- Your assignment
Repeat exactly the lines of the listing below, please, starting with the first and ending with the line containing "((monic_of c)%:P) ^+ k."; leave out the rest.

------ Records provided ------

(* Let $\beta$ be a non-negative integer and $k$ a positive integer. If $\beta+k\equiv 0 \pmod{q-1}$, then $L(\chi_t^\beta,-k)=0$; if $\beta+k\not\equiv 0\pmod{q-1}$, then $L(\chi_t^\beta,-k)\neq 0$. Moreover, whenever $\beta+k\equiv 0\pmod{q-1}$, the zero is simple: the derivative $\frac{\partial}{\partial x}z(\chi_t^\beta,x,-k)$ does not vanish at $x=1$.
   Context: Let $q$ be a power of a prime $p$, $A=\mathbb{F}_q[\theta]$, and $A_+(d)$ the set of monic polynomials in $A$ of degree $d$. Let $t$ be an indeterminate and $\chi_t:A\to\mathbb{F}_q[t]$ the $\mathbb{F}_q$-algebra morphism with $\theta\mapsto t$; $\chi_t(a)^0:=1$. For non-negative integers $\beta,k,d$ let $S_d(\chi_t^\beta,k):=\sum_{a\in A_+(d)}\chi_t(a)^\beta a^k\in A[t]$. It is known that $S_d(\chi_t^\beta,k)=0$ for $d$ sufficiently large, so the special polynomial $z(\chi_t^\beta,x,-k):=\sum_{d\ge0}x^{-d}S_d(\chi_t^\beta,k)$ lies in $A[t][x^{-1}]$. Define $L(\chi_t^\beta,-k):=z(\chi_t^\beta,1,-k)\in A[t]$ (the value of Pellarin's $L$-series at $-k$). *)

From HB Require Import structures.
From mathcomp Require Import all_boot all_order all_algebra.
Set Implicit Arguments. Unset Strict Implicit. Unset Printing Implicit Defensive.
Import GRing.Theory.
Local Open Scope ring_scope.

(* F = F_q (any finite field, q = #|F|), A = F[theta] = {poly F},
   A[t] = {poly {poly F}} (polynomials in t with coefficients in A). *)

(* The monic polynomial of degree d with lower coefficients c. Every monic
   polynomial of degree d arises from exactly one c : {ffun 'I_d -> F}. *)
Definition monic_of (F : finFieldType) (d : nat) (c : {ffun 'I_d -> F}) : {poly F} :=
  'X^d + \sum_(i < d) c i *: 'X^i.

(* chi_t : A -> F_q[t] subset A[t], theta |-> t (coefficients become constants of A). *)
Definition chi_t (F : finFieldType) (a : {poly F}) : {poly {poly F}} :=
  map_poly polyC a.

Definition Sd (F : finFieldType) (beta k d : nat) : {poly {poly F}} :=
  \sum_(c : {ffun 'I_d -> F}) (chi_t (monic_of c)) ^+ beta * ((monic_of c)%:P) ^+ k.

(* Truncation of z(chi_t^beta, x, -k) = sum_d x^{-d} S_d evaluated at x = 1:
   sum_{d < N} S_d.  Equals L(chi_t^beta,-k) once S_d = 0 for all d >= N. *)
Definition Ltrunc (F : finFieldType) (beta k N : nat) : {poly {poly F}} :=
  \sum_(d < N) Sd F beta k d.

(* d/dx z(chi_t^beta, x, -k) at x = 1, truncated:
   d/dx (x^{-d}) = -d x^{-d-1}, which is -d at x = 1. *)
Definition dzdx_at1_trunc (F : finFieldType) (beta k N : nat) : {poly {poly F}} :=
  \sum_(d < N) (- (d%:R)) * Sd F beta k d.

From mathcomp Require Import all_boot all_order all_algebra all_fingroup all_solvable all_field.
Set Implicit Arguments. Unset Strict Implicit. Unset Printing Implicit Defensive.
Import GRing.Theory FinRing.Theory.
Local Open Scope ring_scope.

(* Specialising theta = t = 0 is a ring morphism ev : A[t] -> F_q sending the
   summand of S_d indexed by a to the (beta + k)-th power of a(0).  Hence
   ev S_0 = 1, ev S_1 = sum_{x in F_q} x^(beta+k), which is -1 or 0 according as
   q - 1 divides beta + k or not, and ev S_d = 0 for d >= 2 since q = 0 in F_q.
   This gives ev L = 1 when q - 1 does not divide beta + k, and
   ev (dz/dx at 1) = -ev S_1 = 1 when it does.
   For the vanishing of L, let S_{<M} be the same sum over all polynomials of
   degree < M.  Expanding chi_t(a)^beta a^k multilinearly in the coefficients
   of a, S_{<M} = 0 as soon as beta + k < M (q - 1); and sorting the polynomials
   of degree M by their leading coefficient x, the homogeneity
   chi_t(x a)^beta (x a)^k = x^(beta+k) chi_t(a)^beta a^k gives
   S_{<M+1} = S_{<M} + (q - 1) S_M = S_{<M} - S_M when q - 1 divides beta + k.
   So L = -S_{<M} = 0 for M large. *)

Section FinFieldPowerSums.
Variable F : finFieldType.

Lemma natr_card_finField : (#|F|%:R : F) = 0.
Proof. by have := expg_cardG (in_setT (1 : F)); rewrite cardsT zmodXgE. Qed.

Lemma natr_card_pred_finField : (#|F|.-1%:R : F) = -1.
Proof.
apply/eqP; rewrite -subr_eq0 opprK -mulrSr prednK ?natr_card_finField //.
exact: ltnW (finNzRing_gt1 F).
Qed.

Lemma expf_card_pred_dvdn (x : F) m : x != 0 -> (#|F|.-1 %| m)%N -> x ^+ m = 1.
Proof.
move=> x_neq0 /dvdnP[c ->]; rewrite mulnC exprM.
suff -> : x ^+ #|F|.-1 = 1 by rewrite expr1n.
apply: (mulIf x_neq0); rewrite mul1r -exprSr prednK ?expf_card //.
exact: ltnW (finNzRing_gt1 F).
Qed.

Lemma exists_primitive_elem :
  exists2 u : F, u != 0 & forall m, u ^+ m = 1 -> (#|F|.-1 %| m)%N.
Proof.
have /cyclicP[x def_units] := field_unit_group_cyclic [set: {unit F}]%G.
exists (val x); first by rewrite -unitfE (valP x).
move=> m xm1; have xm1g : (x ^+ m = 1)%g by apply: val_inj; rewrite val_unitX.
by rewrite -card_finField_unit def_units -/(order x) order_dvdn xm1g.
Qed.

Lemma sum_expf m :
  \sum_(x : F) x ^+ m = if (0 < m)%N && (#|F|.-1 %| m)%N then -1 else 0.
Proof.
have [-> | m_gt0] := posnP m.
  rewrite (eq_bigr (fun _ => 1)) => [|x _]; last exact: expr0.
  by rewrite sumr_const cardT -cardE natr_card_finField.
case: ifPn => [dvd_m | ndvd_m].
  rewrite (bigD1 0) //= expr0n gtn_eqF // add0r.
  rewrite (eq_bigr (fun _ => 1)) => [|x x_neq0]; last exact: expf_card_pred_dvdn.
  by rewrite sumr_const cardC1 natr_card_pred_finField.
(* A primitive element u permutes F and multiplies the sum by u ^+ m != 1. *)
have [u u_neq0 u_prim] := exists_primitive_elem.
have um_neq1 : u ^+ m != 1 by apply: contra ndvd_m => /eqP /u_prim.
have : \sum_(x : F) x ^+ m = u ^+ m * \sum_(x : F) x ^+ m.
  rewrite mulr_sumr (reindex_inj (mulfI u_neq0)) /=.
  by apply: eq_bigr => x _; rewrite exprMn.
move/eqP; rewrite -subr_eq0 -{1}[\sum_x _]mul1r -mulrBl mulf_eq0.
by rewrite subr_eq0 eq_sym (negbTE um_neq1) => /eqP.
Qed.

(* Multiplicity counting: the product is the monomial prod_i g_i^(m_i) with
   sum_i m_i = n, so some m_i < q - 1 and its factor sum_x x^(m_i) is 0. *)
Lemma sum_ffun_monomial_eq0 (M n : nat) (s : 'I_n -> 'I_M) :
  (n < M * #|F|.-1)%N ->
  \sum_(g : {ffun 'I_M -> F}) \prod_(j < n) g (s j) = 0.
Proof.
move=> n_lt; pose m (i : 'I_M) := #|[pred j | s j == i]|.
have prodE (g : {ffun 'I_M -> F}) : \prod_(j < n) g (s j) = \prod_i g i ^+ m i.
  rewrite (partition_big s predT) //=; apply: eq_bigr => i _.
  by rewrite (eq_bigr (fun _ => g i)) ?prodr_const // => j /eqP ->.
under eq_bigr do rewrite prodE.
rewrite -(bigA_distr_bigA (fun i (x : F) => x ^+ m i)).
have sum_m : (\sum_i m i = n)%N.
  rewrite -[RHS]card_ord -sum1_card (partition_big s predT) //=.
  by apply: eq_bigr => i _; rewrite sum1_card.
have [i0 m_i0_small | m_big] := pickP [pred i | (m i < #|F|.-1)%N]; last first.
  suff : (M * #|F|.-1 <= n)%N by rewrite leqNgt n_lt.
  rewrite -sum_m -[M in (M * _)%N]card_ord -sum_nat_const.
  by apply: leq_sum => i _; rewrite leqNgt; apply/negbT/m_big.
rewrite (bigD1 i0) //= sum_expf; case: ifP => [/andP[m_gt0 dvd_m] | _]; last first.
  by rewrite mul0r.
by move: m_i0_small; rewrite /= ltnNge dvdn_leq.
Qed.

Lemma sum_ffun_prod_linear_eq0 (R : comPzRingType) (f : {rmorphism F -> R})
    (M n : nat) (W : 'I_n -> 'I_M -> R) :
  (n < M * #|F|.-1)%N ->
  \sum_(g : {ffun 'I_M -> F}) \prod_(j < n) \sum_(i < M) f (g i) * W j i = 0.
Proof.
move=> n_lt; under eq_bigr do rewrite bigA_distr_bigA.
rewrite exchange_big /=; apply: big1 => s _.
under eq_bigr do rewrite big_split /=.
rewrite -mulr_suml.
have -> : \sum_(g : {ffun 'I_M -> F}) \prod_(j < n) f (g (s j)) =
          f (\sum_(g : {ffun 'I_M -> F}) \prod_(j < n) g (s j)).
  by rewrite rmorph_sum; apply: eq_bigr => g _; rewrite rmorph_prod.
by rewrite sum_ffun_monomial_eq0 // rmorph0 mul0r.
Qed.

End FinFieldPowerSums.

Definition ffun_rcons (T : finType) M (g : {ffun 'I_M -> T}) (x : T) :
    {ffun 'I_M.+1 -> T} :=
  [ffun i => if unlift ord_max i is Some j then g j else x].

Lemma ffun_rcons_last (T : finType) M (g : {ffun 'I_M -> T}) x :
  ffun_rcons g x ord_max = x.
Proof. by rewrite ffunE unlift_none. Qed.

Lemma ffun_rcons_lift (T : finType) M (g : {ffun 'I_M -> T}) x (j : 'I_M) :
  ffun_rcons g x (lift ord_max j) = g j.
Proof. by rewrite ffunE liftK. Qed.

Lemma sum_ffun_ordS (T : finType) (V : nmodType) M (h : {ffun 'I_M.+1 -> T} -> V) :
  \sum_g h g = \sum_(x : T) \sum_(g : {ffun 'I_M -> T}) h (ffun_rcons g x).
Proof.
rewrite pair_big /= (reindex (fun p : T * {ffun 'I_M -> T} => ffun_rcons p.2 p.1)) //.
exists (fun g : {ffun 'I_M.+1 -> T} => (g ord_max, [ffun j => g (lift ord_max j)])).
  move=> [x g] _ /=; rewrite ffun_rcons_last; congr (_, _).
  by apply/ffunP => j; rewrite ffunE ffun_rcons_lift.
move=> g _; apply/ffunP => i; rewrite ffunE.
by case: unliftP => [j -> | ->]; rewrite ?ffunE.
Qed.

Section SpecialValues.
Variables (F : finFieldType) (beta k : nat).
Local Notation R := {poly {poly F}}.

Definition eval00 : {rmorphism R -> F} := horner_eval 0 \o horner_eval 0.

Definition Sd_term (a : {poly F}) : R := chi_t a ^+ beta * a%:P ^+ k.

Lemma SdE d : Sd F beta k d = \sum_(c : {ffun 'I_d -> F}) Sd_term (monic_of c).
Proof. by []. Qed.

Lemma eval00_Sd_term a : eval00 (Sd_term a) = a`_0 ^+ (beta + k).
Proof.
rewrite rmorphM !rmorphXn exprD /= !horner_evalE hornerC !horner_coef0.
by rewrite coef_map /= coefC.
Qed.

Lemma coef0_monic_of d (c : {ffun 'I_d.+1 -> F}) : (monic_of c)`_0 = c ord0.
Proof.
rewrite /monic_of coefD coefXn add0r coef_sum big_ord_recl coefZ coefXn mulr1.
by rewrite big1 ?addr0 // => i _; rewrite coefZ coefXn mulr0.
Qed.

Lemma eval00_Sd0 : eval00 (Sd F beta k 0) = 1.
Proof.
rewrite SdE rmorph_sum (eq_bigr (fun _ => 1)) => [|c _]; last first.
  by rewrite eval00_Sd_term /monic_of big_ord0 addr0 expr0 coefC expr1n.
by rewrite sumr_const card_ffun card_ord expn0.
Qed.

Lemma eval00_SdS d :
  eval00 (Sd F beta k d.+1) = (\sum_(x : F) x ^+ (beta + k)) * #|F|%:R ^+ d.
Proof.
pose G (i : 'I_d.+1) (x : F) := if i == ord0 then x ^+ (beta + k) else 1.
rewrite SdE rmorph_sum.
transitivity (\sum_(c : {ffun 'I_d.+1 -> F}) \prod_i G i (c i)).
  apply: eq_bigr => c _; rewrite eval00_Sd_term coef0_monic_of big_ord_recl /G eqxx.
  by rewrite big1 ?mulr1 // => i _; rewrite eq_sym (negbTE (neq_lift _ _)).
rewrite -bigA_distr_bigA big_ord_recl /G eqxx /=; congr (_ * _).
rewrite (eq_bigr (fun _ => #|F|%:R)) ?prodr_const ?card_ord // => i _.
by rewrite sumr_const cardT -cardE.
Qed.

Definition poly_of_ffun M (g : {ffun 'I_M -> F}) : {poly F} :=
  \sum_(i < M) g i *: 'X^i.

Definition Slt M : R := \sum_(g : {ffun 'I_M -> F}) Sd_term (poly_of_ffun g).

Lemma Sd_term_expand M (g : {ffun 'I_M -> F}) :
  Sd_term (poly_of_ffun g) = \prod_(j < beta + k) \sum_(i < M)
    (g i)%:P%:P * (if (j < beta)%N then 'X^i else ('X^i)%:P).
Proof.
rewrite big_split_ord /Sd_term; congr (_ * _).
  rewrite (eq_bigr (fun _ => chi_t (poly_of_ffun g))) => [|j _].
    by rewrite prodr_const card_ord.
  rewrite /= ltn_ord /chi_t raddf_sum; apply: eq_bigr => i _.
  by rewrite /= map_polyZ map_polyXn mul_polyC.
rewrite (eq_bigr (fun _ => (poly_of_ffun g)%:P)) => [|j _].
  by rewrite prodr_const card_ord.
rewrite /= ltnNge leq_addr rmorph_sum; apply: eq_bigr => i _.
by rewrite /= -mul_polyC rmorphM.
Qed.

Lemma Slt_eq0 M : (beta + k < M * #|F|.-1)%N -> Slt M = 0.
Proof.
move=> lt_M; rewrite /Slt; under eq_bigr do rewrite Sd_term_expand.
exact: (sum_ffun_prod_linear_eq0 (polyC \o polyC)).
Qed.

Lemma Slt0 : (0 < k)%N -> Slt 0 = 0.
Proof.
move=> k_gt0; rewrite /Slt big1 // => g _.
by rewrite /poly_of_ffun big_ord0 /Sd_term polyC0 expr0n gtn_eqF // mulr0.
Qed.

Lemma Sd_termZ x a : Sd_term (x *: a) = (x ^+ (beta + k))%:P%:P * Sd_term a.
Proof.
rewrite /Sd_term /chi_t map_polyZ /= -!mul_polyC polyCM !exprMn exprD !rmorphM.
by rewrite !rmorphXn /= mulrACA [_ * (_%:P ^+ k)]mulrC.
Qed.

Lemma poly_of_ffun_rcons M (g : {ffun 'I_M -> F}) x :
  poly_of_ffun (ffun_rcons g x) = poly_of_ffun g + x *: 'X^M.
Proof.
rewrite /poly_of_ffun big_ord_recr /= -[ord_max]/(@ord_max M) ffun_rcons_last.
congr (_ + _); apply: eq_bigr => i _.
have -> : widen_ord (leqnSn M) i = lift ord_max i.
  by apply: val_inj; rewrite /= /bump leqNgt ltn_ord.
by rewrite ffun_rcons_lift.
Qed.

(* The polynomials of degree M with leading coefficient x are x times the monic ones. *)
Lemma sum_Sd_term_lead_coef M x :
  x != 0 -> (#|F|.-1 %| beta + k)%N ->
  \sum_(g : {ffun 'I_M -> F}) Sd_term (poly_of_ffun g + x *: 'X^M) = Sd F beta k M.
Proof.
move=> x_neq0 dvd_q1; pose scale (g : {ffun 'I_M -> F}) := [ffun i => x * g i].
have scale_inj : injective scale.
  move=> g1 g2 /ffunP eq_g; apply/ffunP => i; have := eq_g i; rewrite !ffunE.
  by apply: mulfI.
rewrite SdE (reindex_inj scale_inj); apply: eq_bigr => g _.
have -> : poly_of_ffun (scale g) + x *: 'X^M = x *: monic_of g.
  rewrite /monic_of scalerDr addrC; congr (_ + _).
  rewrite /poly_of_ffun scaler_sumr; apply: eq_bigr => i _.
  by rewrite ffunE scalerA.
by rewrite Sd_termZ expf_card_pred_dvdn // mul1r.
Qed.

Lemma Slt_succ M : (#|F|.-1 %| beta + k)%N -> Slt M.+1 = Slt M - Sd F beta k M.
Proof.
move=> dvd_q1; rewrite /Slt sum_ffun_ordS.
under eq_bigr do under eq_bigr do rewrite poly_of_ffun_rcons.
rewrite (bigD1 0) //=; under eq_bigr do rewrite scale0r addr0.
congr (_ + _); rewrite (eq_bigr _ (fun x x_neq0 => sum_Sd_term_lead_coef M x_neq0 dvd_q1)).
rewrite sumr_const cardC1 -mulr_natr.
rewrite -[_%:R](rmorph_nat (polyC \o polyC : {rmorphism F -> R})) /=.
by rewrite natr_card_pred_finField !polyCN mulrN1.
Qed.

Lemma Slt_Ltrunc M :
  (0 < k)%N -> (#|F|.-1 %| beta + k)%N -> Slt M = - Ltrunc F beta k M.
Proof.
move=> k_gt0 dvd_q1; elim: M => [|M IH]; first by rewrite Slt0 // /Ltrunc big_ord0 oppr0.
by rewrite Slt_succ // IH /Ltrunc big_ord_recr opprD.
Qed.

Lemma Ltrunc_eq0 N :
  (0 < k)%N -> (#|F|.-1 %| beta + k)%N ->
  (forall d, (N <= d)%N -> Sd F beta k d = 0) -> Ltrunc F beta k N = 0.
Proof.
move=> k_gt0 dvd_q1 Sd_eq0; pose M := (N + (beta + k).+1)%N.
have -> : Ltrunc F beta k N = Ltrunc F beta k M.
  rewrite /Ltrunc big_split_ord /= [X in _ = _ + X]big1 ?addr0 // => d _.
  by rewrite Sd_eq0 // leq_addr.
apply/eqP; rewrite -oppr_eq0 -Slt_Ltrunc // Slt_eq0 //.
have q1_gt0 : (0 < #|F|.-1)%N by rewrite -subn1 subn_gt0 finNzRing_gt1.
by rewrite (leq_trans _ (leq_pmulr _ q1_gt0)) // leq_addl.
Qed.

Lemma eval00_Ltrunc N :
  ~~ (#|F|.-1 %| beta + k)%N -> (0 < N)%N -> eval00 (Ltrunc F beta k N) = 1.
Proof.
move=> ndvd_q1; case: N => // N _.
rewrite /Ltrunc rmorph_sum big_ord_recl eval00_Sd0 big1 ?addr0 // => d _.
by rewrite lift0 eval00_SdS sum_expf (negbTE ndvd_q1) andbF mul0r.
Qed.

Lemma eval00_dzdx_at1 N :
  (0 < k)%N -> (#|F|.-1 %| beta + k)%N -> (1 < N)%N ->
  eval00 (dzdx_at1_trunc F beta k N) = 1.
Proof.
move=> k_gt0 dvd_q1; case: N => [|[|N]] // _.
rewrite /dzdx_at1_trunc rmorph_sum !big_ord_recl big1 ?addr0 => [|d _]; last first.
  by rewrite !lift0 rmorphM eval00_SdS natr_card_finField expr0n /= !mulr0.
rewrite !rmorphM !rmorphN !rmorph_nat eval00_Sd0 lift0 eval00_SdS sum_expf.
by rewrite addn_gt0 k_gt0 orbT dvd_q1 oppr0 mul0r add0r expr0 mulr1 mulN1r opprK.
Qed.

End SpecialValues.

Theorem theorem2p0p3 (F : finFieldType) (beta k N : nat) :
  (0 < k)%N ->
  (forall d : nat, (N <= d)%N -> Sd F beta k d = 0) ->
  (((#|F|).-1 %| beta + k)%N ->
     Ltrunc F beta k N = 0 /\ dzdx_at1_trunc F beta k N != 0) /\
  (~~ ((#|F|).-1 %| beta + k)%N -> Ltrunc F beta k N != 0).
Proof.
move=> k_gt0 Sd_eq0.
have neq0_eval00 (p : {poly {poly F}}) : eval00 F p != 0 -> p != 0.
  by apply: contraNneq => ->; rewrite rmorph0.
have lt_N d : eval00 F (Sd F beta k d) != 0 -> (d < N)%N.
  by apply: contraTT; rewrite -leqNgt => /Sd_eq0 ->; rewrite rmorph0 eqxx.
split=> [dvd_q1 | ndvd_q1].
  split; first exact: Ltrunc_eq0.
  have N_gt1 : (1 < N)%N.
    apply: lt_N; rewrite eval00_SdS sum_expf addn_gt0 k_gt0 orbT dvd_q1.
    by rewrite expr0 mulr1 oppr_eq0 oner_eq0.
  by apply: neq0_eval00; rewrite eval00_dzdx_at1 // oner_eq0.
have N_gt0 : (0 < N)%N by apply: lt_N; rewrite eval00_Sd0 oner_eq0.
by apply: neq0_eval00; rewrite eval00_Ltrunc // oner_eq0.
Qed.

------

- Exercise response
(* Let $\beta$ be a non-negative integer and $k$ a positive integer. If $\beta+k\equiv 0 \pmod{q-1}$, then $L(\chi_t^\beta,-k)=0$; if $\beta+k\not\equiv 0\pmod{q-1}$, then $L(\chi_t^\beta,-k)\neq 0$. Moreover, whenever $\beta+k\equiv 0\pmod{q-1}$, the zero is simple: the derivative $\frac{\partial}{\partial x}z(\chi_t^\beta,x,-k)$ does not vanish at $x=1$.
   Context: Let $q$ be a power of a prime $p$, $A=\mathbb{F}_q[\theta]$, and $A_+(d)$ the set of monic polynomials in $A$ of degree $d$. Let $t$ be an indeterminate and $\chi_t:A\to\mathbb{F}_q[t]$ the $\mathbb{F}_q$-algebra morphism with $\theta\mapsto t$; $\chi_t(a)^0:=1$. For non-negative integers $\beta,k,d$ let $S_d(\chi_t^\beta,k):=\sum_{a\in A_+(d)}\chi_t(a)^\beta a^k\in A[t]$. It is known that $S_d(\chi_t^\beta,k)=0$ for $d$ sufficiently large, so the special polynomial $z(\chi_t^\beta,x,-k):=\sum_{d\ge0}x^{-d}S_d(\chi_t^\beta,k)$ lies in $A[t][x^{-1}]$. Define $L(\chi_t^\beta,-k):=z(\chi_t^\beta,1,-k)\in A[t]$ (the value of Pellarin's $L$-series at $-k$). *)

From HB Require Import structures.
From mathcomp Require Import all_boot all_order all_algebra.
Set Implicit Arguments. Unset Strict Implicit. Unset Printing Implicit Defensive.
Import GRing.Theory.
Local Open Scope ring_scope.

(* F = F_q (any finite field, q = #|F|), A = F[theta] = {poly F},
   A[t] = {poly {poly F}} (polynomials in t with coefficients in A). *)

(* The monic polynomial of degree d with lower coefficients c. Every monic
   polynomial of degree d arises from exactly one c : {ffun 'I_d -> F}. *)
Definition monic_of (F : finFieldType) (d : nat) (c : {ffun 'I_d -> F}) : {poly F} :=
  'X^d + \sum_(i < d) c i *: 'X^i.

(* chi_t : A -> F_q[t] subset A[t], theta |-> t (coefficients become constants of A). *)
Definition chi_t (F : finFieldType) (a : {poly F}) : {poly {poly F}} :=
  map_poly polyC a.

Definition Sd (F : finFieldType) (beta k d : nat) : {poly {poly F}} :=
  \sum_(c : {ffun 'I_d -> F}) (chi_t (monic_of c)) ^+ beta * ((monic_of c)%:P) ^+ k.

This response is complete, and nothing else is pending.